Understanding brain activity that drives creativity could better improve art therapy, widely used as a treatment for mental illness.

"We don't know how to optimize therapy for individual patients," Contreras Vidal says. "We don't know the neural basis."

His research could help reveal that basis and offer more effective, personalized treatment for depression, pain and more.

The massive amount of data streaming in from the research could also lead to fundamental insights about the brain specifically, how complex cognitive and neural systems operate in natural environments. The EEG data is from a diverse group of people with different ages, genders and occupations, so it can therefore show how neural activity varies across populations and even between individuals. Such knowledge can help researchers better tailor the burgeoning biomedical devices industry to meet individual needs.

The EEG data also creates a sort of neural map, revealing what parts of the brain respond to different aspects of the aesthetic museum experience. This mapping illuminates neural networks, revealing how different areas of the brain talk to each other. And it can reveal new information about the way people perceive, think and feel about art while they are experiencing it.

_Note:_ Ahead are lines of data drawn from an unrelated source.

(* Define, for $x\ge 0$, $$f(x):=\frac12\,\mathrm{Erfc}\Big(-\frac{x}{2\sqrt2}\Big)+\frac12\,e^{3x^2}\,\mathrm{Erfc}\Big(\frac{5x}{2\sqrt2}\Big).$$ Then for all $x\ge 0$, $$f(x)\ge N\Big(\frac1{\sqrt5}\Big)+\frac1{12}\sqrt{\frac{10}{\pi}}\,e^{-1/10}\ (\approx 0.8072).$$
   Context: $\mathrm{Erfc}(x):=\frac{2}{\sqrt\pi}\int_x^\infty e^{-v^2}dv$ for $x\in\mathbb{R}$, and $N(x):=\frac1{\sqrt{2\pi}}\int_{-\infty}^x e^{-v^2/2}dv$ is the standard normal distribution function. *)

From Stdlib Require Import Reals.
From Coquelicot Require Import Coquelicot.
Open Scope R_scope.

Definition Erfc (x : R) : R :=
  2 / sqrt PI * RInt_gen (fun v => exp (- v ^ 2)) (at_point x) (Rbar_locally p_infty).

Definition Ncdf (x : R) : R :=
  1 / sqrt (2 * PI) * RInt_gen (fun v => exp (- v ^ 2 / 2)) (Rbar_locally m_infty) (at_point x).

Definition f3 (x : R) : R :=
  1/2 * Erfc (- x / (2 * sqrt 2)) + 1/2 * exp (3 * x ^ 2) * Erfc (5 * x / (2 * sqrt 2)).

(* Write T(z) = int_z^oo exp(-v^2) dv, a = x / (2 sqrt 2) and b = 1 / sqrt 10.  Then
   sqrt pi f(x) = T(-a) + exp(24 a^2) T(5 a) and sqrt pi N(1/sqrt 5) = T(-b).
   The rational function M(z) = (15 + 35 z + 30 z^2) / (20 + 60 z + 72 z^2 + 60 z^3)
   minorizes the Mills ratio exp(z^2) T(z) on z >= 0: exp(-z^2) M(z) vanishes at
   infinity and its derivative is at least -exp(-z^2).  Hence
   sqrt pi (f(x) - N(1/sqrt 5)) >= G(a) := int_b^a exp(-v^2) dv + exp(-a^2) M(5 a).
   The derivative of G has the sign of a polynomial in 5 a whose only sign change on
   [0, oo) lies in [1.345, 1.355], so G is bounded below by its behaviour near
   a = 0.27, where a numerical estimate beats sqrt 10 / 12 * exp(-1/10). *)

From Stdlib Require Import Reals Lra Classical.
From Coquelicot Require Import Coquelicot.
Open Scope R_scope.

Lemma le_of_derive_nonneg (f df : R -> R) (p q : R) :
  p <= q ->
  (forall t, p <= t <= q -> is_derive f t (df t)) ->
  (forall t, p <= t <= q -> 0 <= df t) ->
  f p <= f q.
Proof.
  intros Hpq Hf Hdf.
  destruct (MVT_gen f p q df) as [c [Hc Hmvt]];
    rewrite ?Rmin_left, ?Rmax_right in * by exact Hpq.
  - intros t Ht; apply Hf; lra.
  - intros t Ht; apply continuity_pt_filterlim.
    apply (ex_derive_continuous (K := R_AbsRing) (V := R_NormedModule)).
    eexists; apply Hf; lra.
  - pose proof (Hdf c Hc); nra.
Qed.

Lemma ge_of_derive_nonpos (f df : R -> R) (p q : R) :
  p <= q ->
  (forall t, p <= t <= q -> is_derive f t (df t)) ->
  (forall t, p <= t <= q -> df t <= 0) ->
  f q <= f p.
Proof.
  intros Hpq Hf Hdf.
  enough (- f p <= - f q) by lra.
  apply (le_of_derive_nonneg (fun t => - f t) (fun t => - df t)); try easy.
  - intros t Ht; apply (is_derive_opp (V := R_NormedModule) f); auto.
  - intros t Ht; specialize (Hdf t Ht); lra.
Qed.

Lemma exp_le_exp (x y : R) : x <= y -> exp x <= exp y.
Proof.
  intros [Hlt | ->]; [now left; apply exp_increasing | apply Rle_refl].
Qed.

Lemma is_lim_pinfty_of_incr_bounded (F : R -> R) (z M : R) :
  (forall s t, z <= s <= t -> F s <= F t) ->
  (forall t, z <= t -> F t <= M) ->
  exists l : R, is_lim F p_infty l.
Proof.
  intros Hincr Hbnd.
  set (E := fun y => exists t, z <= t /\ y = F t).
  destruct (completeness E) as [l [Hub Hlub]].
  - exists M; intros y [t [Ht ->]]; auto.
  - exists (F z), z; split; [lra | reflexivity].
  - exists l; apply is_lim_spec; intros eps.
    assert (Hnear : exists t, z <= t /\ l - eps < F t).
    { apply NNPP; intros Hnone.
      assert (l <= l - eps).
      { apply Hlub; intros y [t [Ht ->]].
        apply Rnot_lt_le; intros Hlt; apply Hnone; eauto. }
      pose proof (cond_pos eps); lra. }
    destruct Hnear as [t0 [Ht0 Hlt]].
    exists t0; intros t Ht.
    assert (F t0 <= F t) by (apply Hincr; lra).
    assert (F t <= l) by (apply Hub; exists t; split; [lra | reflexivity]).
    apply Rabs_lt_between'; lra.
Qed.

Lemma is_RInt_gen_at_point_pinfty (f : R -> R) (a l : R) :
  (forall b, ex_RInt f a b) ->
  is_lim (fun b => RInt f a b) p_infty l ->
  is_RInt_gen f (at_point a) (Rbar_locally p_infty) l.
Proof.
  intros Hf Hlim P HP.
  exists (fun x => x = a) (fun b => P (RInt f a b)); try easy.
  - exact (Hlim P HP).
  - intros x y -> Hy; exists (RInt f a y); split; [ | exact Hy].
    apply (RInt_correct (V := R_CompleteNormedModule)), Hf.
Qed.

Lemma is_RInt_gen_minfty_at_point (f : R -> R) (b l : R) :
  (forall a, ex_RInt f a b) ->
  is_lim (fun a => RInt f a b) m_infty l ->
  is_RInt_gen f (Rbar_locally m_infty) (at_point b) l.
Proof.
  intros Hf Hlim P HP.
  exists (fun a => P (RInt f a b)) (fun x => x = b); try easy.
  - exact (Hlim P HP).
  - intros x y Hx ->; exists (RInt f x b); split; [ | exact Hx].
    apply (RInt_correct (V := R_CompleteNormedModule)), Hf.
Qed.

Definition gauss (v : R) : R := exp (- v ^ 2).

Lemma gauss_pos (v : R) : 0 < gauss v.
Proof. apply exp_pos. Qed.

Lemma continuous_gauss (v : R) : continuous gauss v.
Proof.
  apply (ex_derive_continuous (K := R_AbsRing) (V := R_NormedModule)).
  unfold gauss; auto_derive; easy.
Qed.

The team is in the first year of its NSF award, working on analyzing the Menil data to identify specific examples of neural variability and improve the EEG caps to make them more user friendly. So far, the researchers have collected data from about 700 individuals; the plan is to increase that by a few thousand.

"Maybe in 10 years or so, we will have neural technology just like our smart phones; you can wear it and contribute to science," Contreras Vidal says. "You can provide data that can be mined, whether you're an engineer, or a doctor, or an artist trying to create something new."